Oscar-Winning Actress Joan Fontaine Passes Away
Admired actress Joan Fontaine, best known for her roles in the Hitchcock films Suspicion and Rebecca, has passed away, according to The Hollywood Reporter. She was 96.
Fontaine, who was born "Joan de Beauvoir de Havilland" to British parents—her father: a patent attorney; her mother: a stage actress, whose stage name was Lillian Fontaine— in Tokyo, Japan in 1917.
After her parents divorced, Fontaine, her mother, and her older sister, Olivia, moved to California. She made her acting debut in a stage production of Call It a Day at 18 and soon after made her film debut with a small role in the 1935 comedy No More Ladies.
Six years later, Fontaine was nominated for her first Oscar for starring opposite Laurence Olivier in the 1940 Alfred Hitchcock-directed mystery thriller Rebecca. She didn't have to wait long to take home her first Oscar, as she was granted the award for Best Actress the following year at the 1942 Oscars for Suspicion, another Hitchcock mystery flick.
She was later nominated for another Oscar two years later for the drama The Constant Nymph, but she wasn't awarded the statuette.
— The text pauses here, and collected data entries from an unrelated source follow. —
(** The weighted squared distance V(o) = sum_k gamma_k (o_k - 1)^2 is a strict
    Lyapunov function: along the flow, V' = -2 V + 2 (sum_k o_k pi_k(o) - sum_k gamma_k o_k),
    and the bracket is nonpositive by Chebyshev's sum inequality, because the
    weights o_k^(-eta) of the policy are ordered oppositely to o.  Hence
    V(o(t)) <= e^(-2 (t - t0)) V(o(t0)), and since eps <= gamma_k <= 1 the
    function V is comparable to the squared Euclidean distance to 1, which gives
    uniform stability and uniform attractivity. *)
From Stdlib Require Import Reals Lra Lia.
From Coquelicot Require Import Coquelicot.
Open Scope R_scope.

Lemma rsum_ext n f g :
  (forall k, (k < n)%nat -> f k = g k) -> rsum n f = rsum n g.
Proof.
  induction n as [|n IH]; simpl; intros H; [reflexivity|].
  rewrite IH by (intros; apply H; lia).
  rewrite H by lia; reflexivity.
Qed.

Lemma rsum_le n f g :
  (forall k, (k < n)%nat -> f k <= g k) -> rsum n f <= rsum n g.
Proof.
  induction n as [|n IH]; simpl; intros H; [lra|].
  assert (f n <= g n) by (apply H; lia).
  assert (rsum n f <= rsum n g) by (apply IH; intros; apply H; lia).
  lra.
Qed.

Lemma rsum_zero n : rsum n (fun _ => 0) = 0.
Proof. induction n as [|n IH]; simpl; [|rewrite IH]; ring. Qed.

Lemma rsum_nonneg n f :
  (forall k, (k < n)%nat -> 0 <= f k) -> 0 <= rsum n f.
Proof. intros H. rewrite <- (rsum_zero n). apply rsum_le, H. Qed.

Lemma rsum_ge_term n f k :
  (forall i, (i < n)%nat -> 0 <= f i) -> (k < n)%nat -> f k <= rsum n f.
Proof.
  intros Hf Hk.
  induction n as [|n IH]; simpl; [lia|].
  assert (Hrest : 0 <= rsum n f) by (apply rsum_nonneg; intros; apply Hf; lia).
  destruct (Nat.eq_dec k n) as [->|Hkn]; [lra|].
  assert (f k <= rsum n f) by (apply IH; [intros; apply Hf|]; lia).
  assert (0 <= f n) by (apply Hf; lia).
  lra.
Qed.

Lemma rsum_plus n f g : rsum n (fun k => f k + g k) = rsum n f + rsum n g.
Proof. induction n as [|n IH]; simpl; [ring|]. rewrite IH; ring. Qed.

Lemma rsum_scal n c f : rsum n (fun k => c * f k) = c * rsum n f.
Proof. induction n as [|n IH]; simpl; [ring|]. rewrite IH; ring. Qed.

Lemma rsum_chebyshev_opposite n g o a :
  (forall k, (k < n)%nat -> 0 <= g k) ->
  (forall k l, (k < n)%nat -> (l < n)%nat -> (o k - o l) * (a k - a l) <= 0) ->
  rsum n (fun k => g k * o k * a k) * rsum n g <=
  rsum n (fun k => g k * o k) * rsum n (fun k => g k * a k).
Proof.
  intros Hg Hoa.
  assert (Hdouble :
    rsum n (fun k => rsum n (fun l => g k * g l * ((o k - o l) * (a k - a l))))
    = 2 * (rsum n (fun k => g k * o k * a k) * rsum n g
           - rsum n (fun k => g k * o k) * rsum n (fun k => g k * a k))).
  { rewrite (rsum_ext n _ (fun k =>
        rsum n g * (g k * o k * a k) + rsum n (fun l => g l * o l * a l) * g k
        + (- rsum n (fun l => g l * a l)) * (g k * o k)
        + (- rsum n (fun l => g l * o l)) * (g k * a k))).
    - rewrite !rsum_plus, !rsum_scal. ring.
    - intros k _.
      rewrite (rsum_ext n _ (fun l =>
          (g k * o k * a k) * g l + g k * (g l * o l * a l)
          + (- (g k * o k)) * (g l * a l) + (- (g k * a k)) * (g l * o l)))
        by (intros; ring).
      rewrite !rsum_plus, !rsum_scal. ring. }
  assert (Hneg :
    rsum n (fun k => rsum n (fun l => g k * g l * ((o k - o l) * (a k - a l)))) <= 0).
  { rewrite <- (rsum_zero n). apply rsum_le; intros k Hk.
    rewrite <- (rsum_zero n). apply rsum_le; intros l Hl.
    assert (0 <= g k * g l) by (apply Rmult_le_pos; auto).
    assert (Hkl := Hoa k l Hk Hl).
    nra. }
  lra.
Qed.

Lemma Rpower_opp_antitone x y eta :
  0 <= eta -> 0 < x <= y -> Rpower y (- eta) <= Rpower x (- eta).
Proof.
  intros Heta Hxy.
  rewrite !Rpower_Ropp.
  apply Rinv_le_contravar; [unfold Rpower; apply exp_pos|].
  apply Rle_Rpower_l; lra.
Qed.

Definition lyapunov (K : nat) (gamma o : nat -> R) : R :=
  rsum K (fun k => gamma k * (o k - 1) ^ 2).

Lemma distK_sq K x y : distK K x y ^ 2 = rsum K (fun k => (x k - y k) ^ 2).
Proof. apply pow2_sqrt, rsum_nonneg; intros; apply pow2_ge_0. Qed.

Lemma lyapunov_distK_sandwich K gamma c d o :
  (forall k, (k < K)%nat -> c <= gamma k <= d) ->
  c * distK K o (fun _ => 1) ^ 2 <= lyapunov K gamma o <= d * distK K o (fun _ => 1) ^ 2.
Proof.
  intros Hgamma.
  rewrite distK_sq, <- !rsum_scal.
  split; apply rsum_le; intros k Hk;
    specialize (Hgamma k Hk); assert (0 <= (o k - 1) ^ 2) by apply pow2_ge_0; nra.
Qed.

Lemma rsum_is_derive n (f : nat -> R -> R) df x :
  (forall k, (k < n)%nat -> is_derive (f k) x (df k)) ->
  is_derive (fun t => rsum n (fun k => f k t)) x (rsum n df).
Proof.
  induction n as [|n IH]; simpl; intros H.
  - apply (is_derive_const 0 x).
  - apply (is_derive_plus (fun t => rsum n (fun k => f k t)) (f n)).
    + apply IH; intros; apply H; lia.
    + apply H; lia.
Qed.

Lemma rsum_filterlim {T} {F : (T -> Prop) -> Prop} {FF : Filter F}
    n (f : nat -> T -> R) l :
  (forall k, (k < n)%nat -> filterlim (f k) F (locally (l k))) ->
  filterlim (fun t => rsum n (fun k => f k t)) F (locally (rsum n l)).
Proof.
  induction n as [|n IH]; simpl; intros H.
  - apply filterlim_const.
  - apply (filterlim_comp_2 (G := locally (rsum n l)) (H := locally (l n))
             (fun t => rsum n (fun k => f k t)) (f n) Rplus).
    + apply IH; intros; apply H; lia.
    + apply H; lia.
    + apply (filterlim_plus (rsum n l) (l n)).
Qed.

Lemma le_at_right_of_derive_nonpos (W dW : R -> R) t0 :
  (forall s, t0 < s -> is_derive W s (dW s)) ->
  (forall s, t0 < s -> dW s <= 0) ->
  filterlim W (at_right t0) (locally (W t0)) ->
  forall t, t0 <= t -> W t <= W t0.
Proof.
  intros HW Hneg Hlim t Ht.
  destruct (Rle_lt_or_eq_dec _ _ Ht) as [Hlt | <-]; [|lra].
  assert (Hmono : forall s, t0 < s <= t -> W t <= W s).
  { intros s Hs.
    destruct (MVT_gen W s t dW) as [c [Hc Hmvt]];
      rewrite ?Rmin_left, ?Rmax_right in * by lra.
    - intros x Hx. apply HW. lra.
    - intros x Hx. apply derivable_continuous_pt.
      exists (dW x). apply is_derive_Reals, HW. lra.
    - assert (dW c <= 0) by (apply Hneg; lra). nra. }
  apply (closed_filterlim_loc W (fun u => W t <= u) (W t0) Hlim); [|apply closed_ge].
  exists (mkposreal _ (proj2 (Rlt_0_minus _ _) Hlt)).
  intros s Hball Hs.
  assert (Habs : Rabs (s - t0) < t - t0) by exact Hball.
  apply Rabs_lt_between in Habs.
  apply Hmono. lra.
Qed.

Lemma exp_decay_of_derive_le (V dV : R -> R) r t0 :
  (forall s, t0 < s -> is_derive V s (dV s)) ->
  (forall s, t0 < s -> dV s <= - r * V s) ->
  filterlim V (at_right t0) (locally (V t0)) ->
  forall t, t0 <= t -> V t * exp (r * (t - t0)) <= V t0.
Proof.
  intros HV Hdecay Hlim t Ht.
  set (E := fun s => exp (r * (s - t0))).
  assert (HE : forall s, is_derive E s (r * E s))
    by (intros s; unfold E; auto_derive; [trivial | ring_simplify; reflexivity]).
  assert (HE0 : E t0 = 1) by (unfold E; rewrite Rminus_diag, Rmult_0_r; apply exp_0).
  rewrite <- (Rmult_1_r (V t0)), <- HE0.
  apply (le_at_right_of_derive_nonpos (fun s => V s * E s)
           (fun s => (dV s + r * V s) * E s)); [| | |exact Ht].
  - intros s Hs.
    replace ((dV s + r * V s) * E s) with (dV s * E s + V s * (r * E s)) by ring.
    apply (is_derive_mult V E); [auto | apply HE | intros; apply Rmult_comm].
  - intros s Hs.
    assert (0 < E s) by apply exp_pos.
    assert (dV s <= - r * V s) by auto.
    nra.
  - apply (filterlim_comp_2 (G := locally (V t0)) (H := locally (E t0)) V E Rmult);
      [exact Hlim| |apply (filterlim_mult (V t0) (E t0))].
    apply (filterlim_filter_le_1 (F := locally t0)); [apply filter_le_within|].
    apply (ex_derive_continuous E). exists (r * E t0). apply HE.
Qed.

Lemma is_derive_lyapunov_solution K gamma h dom z t0 s :
  is_solution K h dom z t0 -> t0 < s ->
  is_derive (fun t => lyapunov K gamma (z t)) s
    (rsum K (fun k => 2 * gamma k * (z s k - 1) * h (z s) k)).
Proof.
  intros [_ Hsol] Hs.
  apply (rsum_is_derive K (fun k t => gamma k * (z t k - 1) ^ 2)).
  intros k Hk.
  destruct (Hsol k Hk) as [Hder _].
  assert (Hsq : is_derive (fun x => gamma k * (x - 1) ^ 2) (z s k) (2 * gamma k * (z s k - 1)))
    by (auto_derive; [trivial | ring]).
  replace (2 * gamma k * (z s k - 1) * h (z s) k)
    with (h (z s) k * (2 * gamma k * (z s k - 1))) by ring.
  exact (is_derive_comp _ _ _ _ _ Hsq (Hder s Hs)).
Qed.

Lemma lyapunov_solution_right_continuous K gamma h dom z t0 :
  is_solution K h dom z t0 ->
  filterlim (fun t => lyapunov K gamma (z t)) (at_right t0)
    (locally (lyapunov K gamma (z t0))).
Proof.
  intros [_ Hsol].
  apply (rsum_filterlim K (fun k t => gamma k * (z t k - 1) ^ 2)).
  intros k Hk.
  destruct (Hsol k Hk) as [_ Hright].
  apply (filterlim_comp _ _ _ (fun t => z t k) (fun x => gamma k * (x - 1) ^ 2)
           _ (locally (z t0 k)) _ Hright).
  apply (ex_derive_continuous (fun x => gamma k * (x - 1) ^ 2)). auto_derive. trivial.
Qed.

Section Policy.

Variables (K : nat) (gamma : nat -> R) (eta epspi : R).
Hypothesis gamma_pos : forall k, (k < K)%nat -> 0 < gamma k.
Hypothesis gamma_sum : rsum K gamma = 1.
Hypothesis eta_ge0 : 0 <= eta.
Hypothesis epspi_le1 : epspi <= 1.

Lemma pi_normalizer_pos o : 0 < rsum K (fun l => gamma l * Rpower (o l) (- eta)).
Proof.
  assert (HK : (0 < K)%nat) by (destruct K; [simpl in gamma_sum; lra | lia]).
  assert (Hterm : forall l, (l < K)%nat -> 0 < gamma l * Rpower (o l) (- eta)).
  { intros l Hl. apply Rmult_lt_0_compat; [auto | unfold Rpower; apply exp_pos]. }
  apply (Rlt_le_trans _ _ _ (Hterm 0%nat HK)).
  apply (rsum_ge_term K (fun l => gamma l * Rpower (o l) (- eta)));
    [intros; left; auto | exact HK].
Qed.

Lemma rsum_pi_eps o : rsum K (pi_eps K gamma eta epspi o) = 1.
Proof.
  assert (HS := pi_normalizer_pos o).
  unfold pi_eps.
  rewrite rsum_plus, rsum_scal, gamma_sum.
  rewrite (rsum_ext K _ (fun k =>
      (1 - epspi) / rsum K (fun l => gamma l * Rpower (o l) (- eta))
      * (gamma k * Rpower (o k) (- eta)))) by (intros; unfold Rdiv; ring).
  rewrite rsum_scal. field. lra.
Qed.

Lemma rsum_mul_pi_eps_le o :
  pos_vec K o ->
  rsum K (fun k => o k * pi_eps K gamma eta epspi o k) <= rsum K (fun k => gamma k * o k).
Proof.
  intros Ho.
  assert (HS := pi_normalizer_pos o).
  unfold pi_eps.
  rewrite (rsum_ext K _ (fun k =>
      ((1 - epspi) / rsum K (fun l => gamma l * Rpower (o l) (- eta)))
      * (gamma k * o k * Rpower (o k) (- eta)) + epspi * (gamma k * o k)))
    by (intros; unfold Rdiv; ring).
  rewrite rsum_plus, !rsum_scal.
  set (S := rsum K (fun l => gamma l * Rpower (o l) (- eta))) in *.
  assert (Hcheb : rsum K (fun k => gamma k * o k * Rpower (o k) (- eta))
                  <= rsum K (fun k => gamma k * o k) * S).
  { rewrite <- (Rmult_1_r (rsum K _)), <- gamma_sum.
    apply rsum_chebyshev_opposite; [intros; left; auto|].
    intros k l Hk Hl.
    assert (Hok := Ho k Hk). assert (Hol := Ho l Hl).
    destruct (Rle_lt_dec (o k) (o l)).
    - assert (Rpower (o l) (- eta) <= Rpower (o k) (- eta))
        by (apply Rpower_opp_antitone; lra).
      nra.
    - assert (Rpower (o k) (- eta) <= Rpower (o l) (- eta))
        by (apply Rpower_opp_antitone; lra).
      nra. }
  assert (Hfactor : 0 <= (1 - epspi) / S)
    by (apply Rmult_le_pos; [lra | left; apply Rinv_0_lt_compat; exact HS]).
  assert (Hscaled : (1 - epspi) / S * rsum K (fun k => gamma k * o k * Rpower (o k) (- eta))
                    <= (1 - epspi) * rsum K (fun k => gamma k * o k)).
  { apply (Rle_trans _ ((1 - epspi) / S * (rsum K (fun k => gamma k * o k) * S))).
    - apply Rmult_le_compat_l; assumption.
    - right; field; lra. }
  lra.
Qed.

Lemma hfield_one k :
  (k < K)%nat -> hfield K gamma eta epspi (fun _ => 1) k = 0.
Proof.
  intros Hk.
  assert (Hone : Rpower 1 (- eta) = 1)
    by (unfold Rpower; rewrite ln_1, Rmult_0_r; apply exp_0).
  assert (gamma k <> 0) by (apply Rgt_not_eq, gamma_pos, Hk).
  unfold hfield, pi_eps. rewrite Hone.
  rewrite (rsum_ext K _ gamma) by (intros; ring).
  rewrite gamma_sum. field. assumption.
Qed.

(* Summand-wise, 2 gamma_k (o_k - 1) h_k + 2 gamma_k (o_k - 1)^2
   = 2 (o_k pi_k - pi_k - gamma_k o_k + gamma_k), and sum pi = sum gamma = 1. *)
Lemma lyapunov_derivative_le o :
  pos_vec K o ->
  rsum K (fun k => 2 * gamma k * (o k - 1) * hfield K gamma eta epspi o k)
  <= -2 * lyapunov K gamma o.
Proof.
  intros Ho.
  set (pi := pi_eps K gamma eta epspi o).
  rewrite (rsum_ext K _ (fun k =>
      2 * (o k * pi k) + (-2) * pi k + (-2) * (gamma k * o k) + 2 * gamma k
      + (-2) * (gamma k * (o k - 1) ^ 2))).
  - rewrite !rsum_plus, !rsum_scal.
    unfold pi; rewrite rsum_pi_eps, gamma_sum.
    assert (H := rsum_mul_pi_eps_le o Ho).
    unfold lyapunov. lra.
  - intros k Hk.
    assert (gamma k <> 0) by (apply Rgt_not_eq, gamma_pos, Hk).
    unfold hfield; fold pi. field. assumption.
Qed.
After 30 years of film acting, she undertook her last film role in the 1966 horror film The Witches and only took on TV roles after that. She officially retired in 1994 after six decades in Hollywood with the TV movie Good King Wenceslas.
Fontaine was married four times, divorcing her fourth husband in 1969 at the age of 52. She is survived by her daughter Deborah and adopted daughter Martita.
THR, who confirmed the news with Fontaine's assistant, said that no immediate details of her death were available.